# EXERCISE DIRECTIONS
Of the lines in the data below, write out exactly those from the one holding "Section SupportFunction." through the one holding "apply: ge_sup; first", both included.

-=-=-=-=-

(* Fix $s>0$. For each $\delta\in(0,\delta_0)$ and each $\rho\in(\delta/\delta_0,1)$ there exists a constant $c_3=c_3(\delta,\rho)>0$ such that for every integer $n\ge1$ and every partition $\lambda=1^{n_1}2^{n_2}\cdots$ of $n$, \[ \mathsf L_{[0,\delta n^{5/4}]}\le c_3\,\rho^{n+1}. \]
   Context: For integers $a,i\ge1$ let $f_{a,i}=\frac1{2i}\sum_{d\mid i,\ d\text{ odd}}\mu(d)(2a)^{i/d}$ ($\mu$ the Möbius function; sum over positive odd divisors of $i$), a positive integer, and define $g_{a,i}$ by $f_{a,i}=\frac{(2a)^i}{2i}g_{a,i}$. Let $c_1>0$ be a fixed constant such that $e^{-c_1(2a)^{-2i/3}}\le g_{a,i}\le e^{c_1(2a)^{-2i/3}}$ for all $a,i\ge1$ (e.g. $c_1=4$). Fix $s>0$; for each $n\ge1$ let $t=t_n\in(0,1)$ be the unique solution in $(0,1)$ of $\frac{4t}{(1+t)^2}=e^{-s/\sqrt n}$, i.e. $t=\frac{1-\sqrt{1-e^{-s/\sqrt n}}}{1+\sqrt{1-e^{-s/\sqrt n}}}$. Set $\delta_0=\left[\sup_{n\ge1}\left(n^{1/4}\log(1/t_n)\,e^{(c_1/4)+1}\right)\right]^{-1}$ (a positive number). Given a partition $\lambda$ of $n$ with $n_i$ parts of size $i$, for $a,i\ge1$ let \[ \mathsf K_{a,i}=\sum_{\nu=0}^{n_i}\frac1{2^{n_i}}\binom{n_i}{\nu}\frac{(f_{a,i}-\nu+n_i-1)!}{(f_{a,i}-\nu)!\,f_{a,i}^{\,n_i-1}}, \] equivalently $\mathsf K_{a,i}=\frac{n_i!}{(2f_{a,i})^{n_i}}[x^{n_i}]\left(\frac{1+x}{1-x}\right)^{f_{a,i}}$ (here the ratio of factorials is the polynomial $\prod_{k=1}^{n_i-1}(f_{a,i}-\nu+k)$ when $n_i\ge1$, and $\mathsf K_{a,i}=1$ when $n_i=0$). For $A\subseteq\mathbb R$ define \[ \mathsf L_A=\frac{\log^{n+1}(1/t)}{n!}\sum_{a\in A\cap\{1,2,3,\dots\}}a^n t^a\prod_{1\le i\le n}g_{a,i}^{n_i}\mathsf K_{a,i}. \] *)

From Stdlib Require Import Reals.
From Coquelicot Require Import Coquelicot.
From mathcomp Require Import ssreflect ssrfun ssrbool eqtype ssrnat seq div prime binomial.
Lemma dotvDl {R : realType} {n : nat} (a b w : 'cV[R]_n) :
  dotv (a + b) w = dotv a w + dotv b w.
Proof. by rewrite /dotv -big_split; apply: eq_bigr => j _; rewrite mxE mulrDl. Qed.

Lemma dotvBr {R : realType} {n : nat} (s v v' : 'cV[R]_n) :
  dotv s (v - v') = dotv s v - dotv s v'.
Proof. by rewrite /dotv -sumrB; apply: eq_bigr => j _; rewrite !mxE mulrBr. Qed.

Section SupportFunction.
Context {R : realType} {n : nat} (S : set 'cV[R]_n).
Hypothesis S_neq0 : S !=set0.

Lemma supp_fun_le_add v v' K : has_ubound [set dotv s v' | s in S] ->
  (forall s, S s -> dotv s (v - v') <= K) -> supp_fun S v <= supp_fun S v' + K.
Proof.
move=> ub_v' le_K; have [s0 Ss0] := S_neq0.
apply: ge_sup; first by exists (dotv s0 v), s0.
move=> _ [s Ss <-]; have : dotv s v <= dotv s v' + K by rewrite -lerBlDl -dotvBr le_K.
by move/le_trans; apply; rewrite lerD2r; apply: ub_le_sup => //; exists s.
Qed.

Lemma supp_funB_le v v' K :
  has_ubound [set dotv s v | s in S] -> has_ubound [set dotv s v' | s in S] ->
  (forall s, S s -> `|dotv s (v - v')| <= K) -> `|supp_fun S v - supp_fun S v'| <= K.
Proof.
move=> ub_v ub_v' le_K.
rewrite ler_norml lerNl opprB !lerBlDr !(addrC K); apply/andP; split.
  apply: supp_fun_le_add => // s Ss.
  have -> : dotv s (v' - v) = - dotv s (v - v') by rewrite !dotvBr opprB.
  by apply: le_trans (ler_norm _) _; rewrite normrN le_K.
by apply: supp_fun_le_add => // s Ss; apply: le_trans (ler_norm _) (le_K s Ss).
Qed.

End SupportFunction.

Section ProxyRow.
Context {R : realType} {n : nat}.
Variables (xi q : 'cV[R]_n) (U V : set 'cV[R]_n) (P : 'M[R]_n) (i : 'I_n) (alpha vt : R).
Hypotheses (vt_gt0 : 0 < vt) (xi_gt0 : forall j, 0 < xi j 0).
Hypotheses (U_neq0 : U !=set0) (V_neq0 : V !=set0) (V_compact : compact V).
Hypothesis U_simplex : [set q + x | x in U] `<=` simplex.
Hypothesis U_dominated :
  forall j s, [set q + x | x in U] s -> vt * s j 0 <= alpha * P i j.

Let xi_ge0 j : 0 <= xi j 0 := ltW (xi_gt0 j).
Let xi_min_gt0 : 0 < ximin xi := ximin_gt0 i xi_gt0.

Lemma dotv_nominal_le x w : U x ->
  vt * `|dotv (q + x) w| <= alpha * (P *m map_mx Num.norm w) i 0.
Proof.
move=> Ux; have [s_ge0 _] : simplex (q + x) by apply: U_simplex; exists x.
rewrite mxE mulr_sumr; apply: le_trans (ler_wpM2l (ltW vt_gt0) (ler_norm_sum _ _ _)) _.
rewrite mulr_sumr; apply: ler_sum => j _.
rewrite normrM (ger0_norm (s_ge0 j)) [in X in _ <= X]mxE !mulrA ler_wpM2r ?normr_ge0 //.
by apply: U_dominated; exists x.
Qed.

Lemma dotv_proxy_le_xinorm x y w : U x ->
  vt * `|dotv (q + y) w| <= alpha * (P *m map_mx Num.norm w) i 0
                            + vt * xinorm xi w / ximin xi * xinorm xi (y - x).
Proof.
move=> Ux; have -> : q + y = (q + x) + (y - x) by rewrite -addrA [x + _]addrC subrK.
rewrite dotvDl; apply: le_trans (ler_wpM2l (ltW vt_gt0) (ler_normD _ _)) _.
rewrite mulrDr lerD ?dotv_nominal_le //.
have -> : vt * xinorm xi w / ximin xi * xinorm xi (y - x)
          = vt * (xinorm xi (y - x) * xinorm xi w / ximin xi) by ring.
by rewrite ler_wpM2l ?(ltW vt_gt0) // dotv_le_xinorm // => j; exact: ximin_le.
Qed.

Lemma dotv_proxy_le y w : V y ->
  vt * `|dotv (q + y) w| <= alpha * (P *m map_mx Num.norm w) i 0
                            + vt * (excess xi U V / ximin xi) * xinorm xi w.
Proof.
move=> Vy; set c := vt * xinorm xi w / ximin xi.
have c_ge0 : 0 <= c by rewrite divr_ge0 ?mulr_ge0 ?xinorm_ge0 ?ltW.
apply: le_trans (_ : _ <= alpha * (P *m map_mx Num.norm w) i 0
                          + c * inf [set xinorm xi (y - x) | x in U]) _.
  apply: le_affine_inf => //.
    by have [x Ux] := U_neq0; exists (xinorm xi (y - x)), x.
  by move=> _ [x Ux <-]; exact: dotv_proxy_le_xinorm.
rewrite lerD2l (_ : _ * _ * _ = c * excess xi U V); last first.
  by rewrite /c; field; rewrite gt_eqF.
by rewrite ler_wpM2l // inf_xinorm_le_excess.
Qed.

Lemma supp_fun_proxyB_le v v' :
  vt * `|supp_fun [set q + y | y in V] v - supp_fun [set q + y | y in V] v'|
  <= alpha * (P *m map_mx Num.norm (v - v')) i 0
     + vt * (excess xi U V / ximin xi) * xinorm xi (v - v').
Proof.
set K := fun w => (alpha * (P *m map_mx Num.norm w) i 0
                   + vt * (excess xi U V / ximin xi) * xinorm xi w) / vt.
have le_K w s : [set q + y | y in V] s -> `|dotv s w| <= K w.
  by move=> [y Vy <-]; rewrite ler_pdivlMr // mulrC dotv_proxy_le.
have ub w : has_ubound [set dotv s w | s in [set q + y | y in V]].
  by exists (K w) => _ [s Ss <-]; apply: le_trans (ler_norm _) (le_K w s Ss).
rewrite -ler_pdivlMl // mulrC; apply: supp_funB_le => //; last exact: le_K.
by have [y Vy] := V_neq0; exists (q + y), y.
Qed.

End ProxyRow.

Section ProxyBellman.
Context {R : realType} {n : nat} {A : finType}.
Context {c : 'I_n -> A -> R} {vt : R} {policy : 'I_n -> A} {p : 'I_n -> A -> 'cV[R]_n}.
Context {U Uhat : 'I_n -> A -> set 'cV[R]_n} {Pexp : 'M[R]_n} {xi : 'cV[R]_n} {alpha : R}.
Hypotheses (vt_gt0 : 0 < vt) (xi_gt0 : forall j, 0 < xi j 0).
Hypotheses (U_neq0 : forall i a, U i a !=set0) (Uhat_neq0 : forall i a, Uhat i a !=set0).
Hypothesis Uhat_compact : forall i a, compact (Uhat i a).
Hypothesis U_simplex : forall i a, [set p i a + x | x in U i a] `<=` simplex.
Hypothesis U_dominated :
  forall i j a q, [set p i a + x | x in U i a] q -> vt * q j 0 <= alpha * Pexp i j.
Hypotheses (Pexp_stochastic : stochastic Pexp) (xi_stationary : stationary Pexp xi).

Local Notation T := (proxy_bellman c vt policy p Uhat).
Let xi_ge0 j : 0 <= xi j 0 := ltW (xi_gt0 j).

Lemma proxy_bellmanB_le v v' i :
  `|(T v - T v') i 0| <= alpha * (Pexp *m map_mx Num.norm (v - v')) i 0
                         + vt * beta_ia xi U Uhat i (policy i) * xinorm xi (v - v').
Proof.
have -> : (T v - T v') i 0 = vt * (supp_fun (proxy_set p Uhat i (policy i)) v
                                    - supp_fun (proxy_set p Uhat i (policy i)) v').
  by rewrite !mxE; ring.
rewrite normrM (gtr0_norm vt_gt0).
apply: supp_fun_proxyB_le => //.
by [exact: U_neq0 | exact: Uhat_neq0 | exact: Uhat_compact | exact: U_simplex
   | move=> j q; exact: U_dominated].
Qed.

Lemma xinorm_mulmx_normr_le w : xinorm xi (Pexp *m map_mx Num.norm w) <= xinorm xi w.
Proof. by rewrite -[leRHS]xinorm_normr xinorm_stationary. Qed.

Lemma proxy_bellman_lipschitz_sqr v v' (b : R) :
  (forall i, beta_ia xi U Uhat i (policy i) <= b) ->
  xinorm xi (T v - T v') ^+ 2
  <= 2 * (alpha ^+ 2 + vt ^+ 2 * b ^+ 2) * xinorm xi (v - v') ^+ 2.
Proof.
move=> beta_le; set w := v - v'.
have T_le : xinorm xi (T v - T v')
    <= xinorm xi (alpha *: (Pexp *m map_mx Num.norm w)
                  + (vt * b * xinorm xi w) *: const_mx 1).
  apply: xinorm_le => // i; apply: le_trans (proxy_bellmanB_le v v' i) _.
  by rewrite !mxE mulr1 lerD2l ler_wpM2r ?xinorm_ge0 // ler_wpM2l ?(ltW vt_gt0) ?beta_le.
apply: le_trans (lerXn2r 2 _ _ T_le) _; rewrite ?nnegrE ?xinorm_ge0 //.
apply: le_trans (xinorm_sqrD_le xi_ge0 _ _) _.
have [_ xi1] := xi_stationary.1.
rewrite !xinormZ xinorm_cst1 // mulr1 !exprMn !real_normK ?num_real //.
have : xinorm xi (Pexp *m map_mx Num.norm w) ^+ 2 <= xinorm xi w ^+ 2.
  by apply: lerXn2r; rewrite ?nnegrE ?xinorm_ge0 ?xinorm_mulmx_normr_le.
have := sqr_ge0 alpha; nra.
Qed.

Hypothesis alpha_ge0 : 0 <= alpha.

Lemma proxy_bellman_lipschitz v v' : (forall i, beta_ia xi U Uhat i (policy i) = 0) ->
  xinorm xi (T v - T v') <= alpha * xinorm xi (v - v').
Proof.
move=> beta0; set z : 'cV[R]_n := Pexp *m map_mx Num.norm (v - v').
apply: le_trans (_ : _ <= xinorm xi (alpha *: z)) _.
  apply: xinorm_le => // i; apply: le_trans (proxy_bellmanB_le v v' i) _.
  by rewrite beta0 mulr0 mul0r addr0 [leRHS]mxE.
by rewrite xinormZ ger0_norm // ler_wpM2l // xinorm_mulmx_normr_le.
Qed.

End ProxyBellman.

Theorem theorem4 (R : realType) (n d : nat) (A : finType)
  (c : 'I_n -> A -> R) (vt : R) (pi : 'I_n -> A)
  (p : 'I_n -> A -> 'cV[R]_n) (U Uhat : 'I_n -> A -> set 'cV[R]_n)
  (Pexp : 'M[R]_n) (xi : 'cV[R]_n) (Phi : 'M[R]_(n, d)) (alpha : R) :
  0 < vt < 1 ->
  (forall i a, simplex (p i a)) ->
  (forall i a, U i a !=set0 /\ compact (U i a)) ->
  (forall i a, [set p i a + x | x in U i a] `<=` simplex) ->
  (forall i a, Uhat i a !=set0 /\ compact (Uhat i a) /\ U i a `<=` Uhat i a) ->
  stochastic Pexp -> stationary Pexp xi -> (forall i, 0 < xi i 0) ->
  0 < alpha < 1 ->
  (forall i j a q, [set p i a + x | x in U i a] q -> vt * q j 0 <= alpha * Pexp i j) ->
  alpha ^+ 2 + vt ^+ 2 * (beta xi U Uhat pi) ^+ 2 < 2^-1 ->
  (forall theta theta' : 'cV[R]_d,
     xinorm xi (proxy_bellman c vt pi p Uhat (Phi *m theta)
                - proxy_bellman c vt pi p Uhat (Phi *m theta')) ^+ 2
     <= 2 * (alpha ^+ 2 + vt ^+ 2 * (beta xi U Uhat pi) ^+ 2)
          * xinorm xi (Phi *m theta - Phi *m theta') ^+ 2
   /\ (Phi *m theta != Phi *m theta' ->
       2 * (alpha ^+ 2 + vt ^+ 2 * (beta xi U Uhat pi) ^+ 2)
          * xinorm xi (Phi *m theta - Phi *m theta') ^+ 2
       < xinorm xi (Phi *m theta - Phi *m theta') ^+ 2))
  /\ ((forall i, beta_ia xi U Uhat i (pi i) = 0) ->
      forall theta theta' : 'cV[R]_d,
        xinorm xi (proxy_bellman c vt pi p Uhat (Phi *m theta)
                   - proxy_bellman c vt pi p Uhat (Phi *m theta'))
        <= alpha * xinorm xi (Phi *m theta - Phi *m theta')).
Proof.
move=> /andP[vt_gt0 _] _ U_ne U_simplex Uhat_ne P_sto xi_stat xi_gt0 /andP[alpha_gt0 _]
  U_dominated k_lt.
have U_neq0 i a : U i a !=set0 := (U_ne i a).1.
have Uhat_neq0 i a : Uhat i a !=set0 := (Uhat_ne i a).1.
have Uhat_compact i a : compact (Uhat i a) := (Uhat_ne i a).2.1.
split=> [th th' | beta0 th th']; last first.
  exact: (proxy_bellman_lipschitz vt_gt0 xi_gt0 U_neq0 Uhat_neq0 Uhat_compact
            U_simplex U_dominated P_sto xi_stat (ltW alpha_gt0)).
split.
  apply: (proxy_bellman_lipschitz_sqr vt_gt0 xi_gt0 U_neq0 Uhat_neq0 Uhat_compact
            U_simplex U_dominated P_sto xi_stat) => i.
  exact: (le_bigmax 0 (fun i => beta_ia xi U Uhat i (pi i))).
rewrite -subr_eq0 => w_neq0; rewrite -[ltRHS]mul1r ltr_pM2r; first lra.
by rewrite exprn_gt0 // xinorm_gt0.
Qed.
Definition malg_of_fsum2 (D : fsum2 K) : {malg K[(option mterm * option mterm)%type]} :=
  \sum_(e <- D) << e.1.1 *g (e.1.2, e.2) >>.

Lemma malg_of_fsum2_coef D b1 b2 : (malg_of_fsum2 D)@_(b1, b2) = coef2 D b1 b2.
Proof.
elim: D => [|e D IH]; first by rewrite /malg_of_fsum2 /coef2 !big_nil mcoeff0.
rewrite /malg_of_fsum2 /coef2 !big_cons mcoeffD IH mcoeffU xpair_eqE.
by case: ifP; rewrite ?mulr1n ?mulr0n ?add0r.
Qed.

Lemma fsum2_lift_coef2 F (D D' : fsum2 K) :
  (forall b1 b2, coef2 D b1 b2 = coef2 D' b1 b2) -> fsum2_lift F D = fsum2_lift F D'.
Proof.
move=> eqD; have eq_malg : malg_of_fsum2 D = malg_of_fsum2 D'.
  by apply/malgP => -[b1 b2]; rewrite !malg_of_fsum2_coef.
suff fsum2_liftE E : fsum2_lift F E = mlift (fun k => F k.1 k.2) (malg_of_fsum2 E).
  by rewrite !fsum2_liftE eq_malg.
by rewrite linear_sum; apply: eq_bigr => e _; rewrite [RHS]mliftU.
Qed.

Lemma fsum2_lift_mlift (T : choiceType)
  (G : option mterm -> option mterm -> T -> W) (g : {malg K[T]}) (D : fsum2 K) :
  fsum2_lift (fun b1 b2 => mlift (G b1 b2) g) D =
  mlift (fun k => fsum2_lift (fun b1 b2 => G b1 b2 k) D) g.
Proof.
elim: D => [|e D IH]; rewrite /fsum2_lift ?big_nil.
  by rewrite /mlift big1 // => k _; rewrite big_nil scaler0.
under [RHS]eq_mlift do rewrite big_cons.
by rewrite mlift_lin_fun big_cons; congr (_ + _); apply: IH.
Qed.

Lemma eq_fsum2_lift (F G : option mterm -> option mterm -> W) D :
  F =2 G -> fsum2_lift F D = fsum2_lift G D.
Proof. by move=> eFG; apply: eq_bigr => e _; rewrite eFG. Qed.

End FormalSums.

Lemma mag_act_sum (K : fieldType) (H : lmodType K) (mul : H -> H -> H) n
  (p : Mag K n) (x : 'I_n -> H) :
  mag_act +%R 0 *:%R mul p x =
  \sum_(e <- p) e.1.1 *: eval_tree 0 mul e.1.2 [seq x ((e.2 : 'S_n)^-1 i)%g | i <- enum 'I_n].
Proof. by elim: p => [|e p IH]; rewrite ?big_nil ?big_cons //= IH. Qed.

Lemma eval_tree_map (A B : Type) (h : A -> B) (mulA : A -> A -> A) (mulB : B -> B -> B)
  (a0 : A) (b0 : B) t xs :
  {morph h : a b / mulA a b >-> mulB a b} -> size xs = leaves t ->
  h (eval_tree a0 mulA t xs) = eval_tree b0 mulB t (map h xs).
Proof.
move=> h_mul; elim: t xs => [|l IHl r IHr] xs /=; first by case: xs => [|x [|y xs]].
move=> size_xs; rewrite h_mul IHl ?IHr ?map_take ?map_drop //.
  by rewrite size_drop size_xs addKn.
by rewrite size_takel // size_xs leq_addr.
Qed.

Section Evaluation.
Variables (K : fieldType) (H : lmodType K) (mul : H -> H -> H) (one : H)
  (Delta : H -> seq (H * H)).
Hypothesis HC : mag_coprod mul one Delta.
Variable g : nat -> H.

Fixpoint term_eval (u : mterm) : H :=
  match u with MLeaf k => g k | MNode a b => mul (term_eval a) (term_eval b) end.

Definition basis_eval (b : option mterm) : H := if b is Some u then term_eval u else one.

-=-=-=-=-

# OUTPUT OF THE TASK
Section SupportFunction.
Context {R : realType} {n : nat} (S : set 'cV[R]_n).
Hypothesis S_neq0 : S !=set0.

Lemma supp_fun_le_add v v' K : has_ubound [set dotv s v' | s in S] ->
  (forall s, S s -> dotv s (v - v') <= K) -> supp_fun S v <= supp_fun S v' + K.
Proof.
move=> ub_v' le_K; have [s0 Ss0] := S_neq0.
apply: ge_sup; first by exists (dotv s0 v), s0.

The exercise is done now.